Выбираюсь из кровати и выхожу в гостиную. Темно и тихо. Бесшумно приоткрываю двери в спальню Тео и несколько секунд нерешительно стою на пороге. Мне нужно с ним поговорить. Хуже уже не будет. Хуже уже просто не может быть. Рассказать все. Прямо сейчас. Иначе до утра я вновь могу передумать, и вся моя смелость растворится с последними остатками ночи, а еще две такие недели я не выдержу.
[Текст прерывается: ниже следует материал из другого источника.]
(* Write lA = t^a B + (lower terms), where l = 1 if det A = 0 and l
   normalises det(lA) to 1 otherwise.  If det A = 0, only the term j = n of
   F_{2n}(A) survives and its leading coefficient f_{2n}(B) must vanish.
   Otherwise let c t^b and d t^e lead l and det A; det(lA) = 1 forces
   e = -2b and c^2 d = 1, so the j-th term of F_{2n}(A) has degree at most
   -2nb + (2ja - j(j+1)), with coefficient d^n f_{2j}(B) there.  The exponent
   2ja - j(j+1) is concave in j: on 0 <= j <= n its maximum is attained at a
   single index unless a = k is an integer in [1, n], where it is attained
   exactly at k - 1 and k.  As F_{2n}(A) = 0 the dominant coefficients
   cancel: f_{2j}(B) = 0 in the first case (j = 0 is excluded since f_0 is a
   nonzero constant), and f_{2k-2}(B) + f_{2k}(B) = 0 in the second, which
   says that either [B]_R = sigma_k([B]_C) or [B]_C lies in C_{2k-2} and in
   C_{2k}. *)

From HB Require Import structures.
From mathcomp Require Import all_boot all_order all_algebra.
From mathcomp Require Import boolp classical_sets fsbigop cardinality.
From mathcomp Require Import reals Rstruct.
From mathcomp Require Import complex.
From mathcomp Require Import mpoly.
From mathcomp Require Import zify ring lra.
Import Order.TTheory GRing.Theory Num.Theory.
Local Open Scope classical_set_scope.
Local Open Scope ring_scope.

(** * Series arithmetic *)

Lemma kmulE (a b : ser) q : kmul a b q = \sum_(x \in [set: rat]) a x * b (q - x).
Proof.
apply: fsbig_widen => // x [_ /= /not_andP [] /negP];
  by rewrite negbK => /eqP ->; rewrite ?mul0r ?mulr0.
Qed.

Lemma kmul0 (a : ser) : kmul kzero a = kzero.
Proof. by apply/funext => q; rewrite kmulE fsbig1 // => x _; rewrite mul0r. Qed.

Lemma kmulr0 (a : ser) : kmul a kzero = kzero.
Proof. by apply/funext => q; rewrite kmulE fsbig1 // => x _; rewrite mulr0. Qed.

Lemma kmulC (a b : ser) : kmul a b = kmul b a.
Proof.
apply/funext => q; rewrite !kmulE (reindex_fsbigT (fun x => q - x)); last first.
  by exists (fun x => q - x) => x; rewrite subKr.
by apply: eq_fsbigr => x _; rewrite subKr mulrC.
Qed.

Lemma kmulN (a b : ser) : kmul a (kopp b) = kopp (kmul a b).
Proof.
apply/funext => q; rewrite /kopp !kmulE -mulN1r mulr_fsumr.
by apply: eq_fsbigr => x _; rewrite mulN1r mulrN.
Qed.

Lemma kadd_foldrE (T : Type) (s : seq T) (G : T -> ser) q :
  foldr kadd kzero (map G s) q = \sum_(x <- s) G x q.
Proof. by elim: s => [|y s IH]; rewrite ?big_nil ?big_cons //= /kadd IH. Qed.

(** * Leading terms *)

(* [s] vanishes above [t^v] and has coefficient [c] there; [c] may be [0], so
   [v] is only an upper bound for the degree of [s]. *)
Definition top_term (s : ser) (v : rat) (c : CC) : Prop :=
  (forall q, v < q -> s q = 0) /\ s v = c.

Lemma top_term_kzero v : top_term kzero v 0.
Proof. by []. Qed.

Lemma top_term_kconst c : top_term (kconst c) 0 c.
Proof. by split=> [q /gt_eqF q0|]; rewrite /kconst ?q0 ?eqxx. Qed.

Lemma top_term_tpow e : top_term (tpow e) e 1.
Proof. by split=> [q /gt_eqF qe|]; rewrite /tpow ?qe ?eqxx. Qed.

Lemma top_term_kmul {a b : ser} {u w : rat} {x y : CC} :
  top_term a u x -> top_term b w y -> top_term (kmul a b) (u + w) (x * y).
Proof.
move=> [ha <-] [hb <-]; split=> [q hq|].
  rewrite kmulE fsbig1 // => z _; case: (lerP z u) => zu; last by rewrite ha ?mul0r.
  by rewrite hb ?mulr0 //; lra.
rewrite kmulE -(fsbig_widen [set u]) //.
  by rewrite fsbig_set1 [u + w]addrC addrK.
move=> z [_ /eqP zu].
rewrite /preimage /=; case: (ltgtP z u) => [zu'|zu'|zeq]; last by rewrite zeq eqxx in zu.
  by rewrite hb ?mulr0 //; lra.
by rewrite ha ?mul0r.
Qed.

Lemma top_term_kpow {a : ser} {u : rat} {x : CC} k :
  top_term a u x -> top_term (kpow a k) (k%:R * u) (x ^+ k).
Proof.
move=> ha; elim: k => [|k IH]; first by rewrite mul0r expr0; apply: top_term_kconst.
by rewrite /kpow iterS -/(kpow a k) exprS -natr1 mulrDl mul1r addrC; apply: top_term_kmul.
Qed.

Lemma top_term_sum (T : eqType) (s : seq T) (G : T -> ser) v (c : T -> CC) :
  {in s, forall m, top_term (G m) v (c m)} ->
  top_term (foldr kadd kzero (map G s)) v (\sum_(m <- s) c m).
Proof.
move=> hG; split=> [q hq|]; rewrite kadd_foldrE.
  by rewrite big1_seq // => m /andP [_ /hG [+ _]]; apply.
by apply: eq_big_seq => m /hG [].
Qed.

Lemma top_term_kmonom {x : 'I_4 -> ser} {u : rat} {b : 'I_4 -> CC} :
  (forall i, top_term (x i) u (b i)) -> forall m : 'X_{1..4},
  top_term (kmonom x m) ((mdeg m)%:R * u) (\prod_i b i ^+ m i).
Proof.
move=> hx m; rewrite /kmonom mdegE -big_enum -[\prod_i _]big_enum /=.
elim: (enum 'I_4) => [|i s IH]; first by rewrite !big_nil mul0r; apply: top_term_kconst.
by rewrite !big_cons natrD mulrDl; apply: top_term_kmul; first exact: top_term_kpow.
Qed.

Lemma top_term_keval {p : {mpoly CC[4]}} {d : nat} {x : 'I_4 -> ser} {u : rat}
    {b : 'I_4 -> CC} :
  homog_deg p d -> (forall i, top_term (x i) u (b i)) ->
  top_term (keval p x) (d%:R * u) p.@[b].
Proof.
move=> /dhomogP hp hx; rewrite mevalE; apply: top_term_sum => m /hp <-.
rewrite -[_ * u]add0r.
by apply: top_term_kmul; [exact: top_term_kconst | exact: top_term_kmonom].
Qed.

Lemma top_term_inj {s : ser} {v c v' c'} : top_term s v c -> top_term s v' c' ->
  c != 0 -> c' != 0 -> v = v' /\ c = c'.
Proof.
move=> [sv <-] [sv' <-] c0 c0'.
have vv' : v = v'.
  by case: (ltgtP v v') => // [/sv|/sv'] /eqP; rewrite ?(negbTE c0) ?(negbTE c0').
by rewrite vv'.
Qed.

Definition mx_top (A : 'M[ser]_2) (a : rat) (B : 'M[CC]_2) : Prop :=
  forall i j, top_term (A i j) a (B i j).

Lemma lead_mx_top {A : 'M[ser]_2} {a B} : lead A a B -> mx_top A a B.
Proof. by move=> [_ [hB hA]] i j; split => [q /hA|]; rewrite ?hB. Qed.

Lemma mx_top_inj {A : 'M[ser]_2} {a B a' B'} : mx_top A a B -> mx_top A a' B' ->
  B != 0 -> B' != 0 -> a = a' /\ B = B'.
Proof.
move=> hB hB' B0 B0'.
have vanish a1 a2 (B1 B2 : 'M[CC]_2) : mx_top A a1 B1 -> mx_top A a2 B2 ->
    a1 < a2 -> B2 = 0.
  by move=> h1 h2 a12; apply/matrixP => i j; rewrite mxE -(h2 i j).2 (h1 i j).1.
have aa' : a = a'.
  case: (ltgtP a a') => // [/(vanish _ _ _ _ hB hB')|/(vanish _ _ _ _ hB' hB)] /eqP.
    by rewrite (negbTE B0').
  by rewrite (negbTE B0).
split => //; apply/matrixP => i j.
by rewrite -(hB i j).2 -(hB' i j).2 aa'.
Qed.

Lemma top_term_ents {A : 'M[ser]_2} {a B} :
  mx_top A a B -> forall i, top_term (ents A i) a (ents B i).
Proof. by move=> h i; rewrite /ents; case: (val i) => [|[|[|?]]]; apply: h. Qed.

Lemma det_mx22 (R : comNzRingType) (B : 'M[R]_2) :
  \det B = B 0 0 * B 1 1 - B 0 1 * B 1 0.
Proof.
rewrite (expand_det_row _ 0) big_ord_recl big_ord1 /cofactor !det_mx11 !mxE /=.
rewrite !expr0 !mul1r expr1 mulN1r mulrN.
by congr (_ * B _ _ - B _ _ * B _ _); apply/val_inj.
Qed.

Lemma top_term_kdet {A : 'M[ser]_2} {a B} :
  mx_top A a B -> top_term (kdet A) (a + a) (\det B).
Proof.
move=> h; have [u1 c1] := top_term_kmul (h 0 0) (h 1 1).
have [u2 c2] := top_term_kmul (h 0 1) (h 1 0).
split=> [q aq|]; rewrite /kdet /kadd /kopp /=; first by rewrite u1 ?u2 // oppr0 addr0.
by rewrite c1 c2 det_mx22.
Qed.

Lemma mx_top_kscale {l : ser} {be c} {A : 'M[ser]_2} {a B} :
  top_term l be c -> mx_top A a B -> mx_top (kscale l A) (be + a) (c *: B).
Proof. by move=> hl hA i j; rewrite !mxE; apply: top_term_kmul. Qed.

(** * Puiseux series *)

Definition supp (s : ser) : set rat := [set q | s q != 0].

Definition grid (N : nat) (M : rat) : set rat :=
  [set q | (exists z : int, q * N%:R = z%:~R) /\ q <= M].

Lemma puiseux_grid {s : ser} :
  is_puiseux s -> exists N M, (0 < N)%N /\ supp s `<=` grid N M.
Proof. by move=> [N [N0 [M h]]]; exists N, M. Qed.

Lemma grid_puiseux {N M} {s : ser} :
  (0 < N)%N -> supp s `<=` grid N M -> is_puiseux s.
Proof. by move=> N0 h; exists N; split => //; exists M. Qed.

Lemma grid_sub N M N' M' : (N %| N')%N -> M <= M' -> grid N M `<=` grid N' M'.
Proof.
move=> /dvdnP [k ->] MM' q [[z qz] qM]; split; last exact: le_trans MM'.
by exists (z * k%:Z); rewrite natrM mulrCA qz intrM mulrC.
Qed.

Lemma grid_add N M1 M2 q1 q2 :
  grid N M1 q1 -> grid N M2 q2 -> grid N (M1 + M2) (q1 + q2).
Proof.
move=> [[z1 h1] le1] [[z2 h2] le2]; split; last exact: lerD.
by exists (z1 + z2); rewrite intrD -h1 -h2 mulrDl.
Qed.

Lemma puiseux_common_grid {I : finType} (a : I -> ser) :
  (forall i, is_puiseux (a i)) ->
  exists N M, (0 < N)%N /\ forall i, supp (a i) `<=` grid N M.
Proof.
move=> ha; have /choice [NM hNM] : forall i, exists NM : nat * rat,
    (0 < NM.1)%N /\ supp (a i) `<=` grid NM.1 NM.2.
  by move=> i; have [N [M h]] := puiseux_grid (ha i); exists (N, M).
exists (\prod_i (NM i).1)%N, (\sum_i `|(NM i).2|); split.
  by apply: prodn_gt0 => i; have [] := hNM i.
move=> i; have [_ h] := hNM i; apply: (subset_trans h); apply: grid_sub.
  by rewrite (bigD1 i) //= dvdn_mulr.
by rewrite (bigD1 i) //= (le_trans (ler_norm _)) // lerDl sumr_ge0.
Qed.

Lemma puiseux_grid3 {a b c : ser} :
  is_puiseux a -> is_puiseux b -> is_puiseux c -> exists N M, (0 < N)%N /\
    [/\ supp a `<=` grid N M, supp b `<=` grid N M & supp c `<=` grid N M].
Proof.
move=> ha hb hc; have [|N [M [N0 g]]] :=
  puiseux_common_grid (fun i : 'I_3 => nth kzero [:: a; b; c] i).
  by case=> [[|[|[|//]]] ?].
by exists N, M; split => //; split; [exact: (g 0) | exact: (g 1) | exact: (g 2)].
Qed.

Lemma grid_window_finite N M lo :
  (0 < N)%N -> finite_set (grid N M `&` [set q | lo <= q]).
Proof.
move=> N0; have Nr : (0 : rat) < N%:R by rewrite ltr0n.
pose B := Num.bound (`|lo * N%:R| + `|M * N%:R|).
have hB : `|lo * N%:R| + `|M * N%:R| < (B%:Z)%:~R.
  exact: (archi_boundP (addr_ge0 (normr_ge0 _) (normr_ge0 _))).
apply: (sub_finite_set _ (finite_image
  (fun m : nat => ((m%:Z - B%:Z)%:~R / N%:R : rat)) (finite_II (B + B).+1))).
move=> q [[[z qz] qM] /= loq].
have hl : lo * N%:R <= z%:~R by rewrite -qz ler_pM2r.
have hh : z%:~R <= M * N%:R by rewrite -qz ler_pM2r.
have lo_abs := ler_norm (- (lo * N%:R)); rewrite normrN in lo_abs.
have M_abs := ler_norm (M * N%:R).
have lo_abs0 := normr_ge0 (lo * N%:R); have M_abs0 := normr_ge0 (M * N%:R).
have zlo : - (B%:Z) < z by rewrite -(ltr_int rat) rmorphN /=; lra.
have zhi : z < B%:Z by rewrite -(ltr_int rat); lra.
exists (absz (z + B%:Z)); first by rewrite /=; lia.
have -> : (absz (z + B%:Z))%:Z = z + B%:Z by lia.
by rewrite addrK -qz mulfK // gt_eqF.
Qed.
Стараясь не громко ступать, подхожу к кровати и аккуратно сажусь в ногах Тео, обнимая себя за колени. Разбудить? С чего начать? Захочет ли он меня выслушать? Изменит ли это хоть что-нибудь? Но я просто обязан попробовать. Пока я мучительно решаюсь на следующий шаг, Тео сонно ворочается и случайно задевает меня ногой. Приподнимается на локте и несколько секунд смотрит на меня. Сквозь окно проникает лунный свет, и мы можем видеть друг друга даже без освещения.

Тянется к ночнику.

— Не включай, Тео. Я просто хотел поговорить с тобой.

— Эндж? Что-то случилось? — в голосе легкое беспокойство и уже почти нет сна.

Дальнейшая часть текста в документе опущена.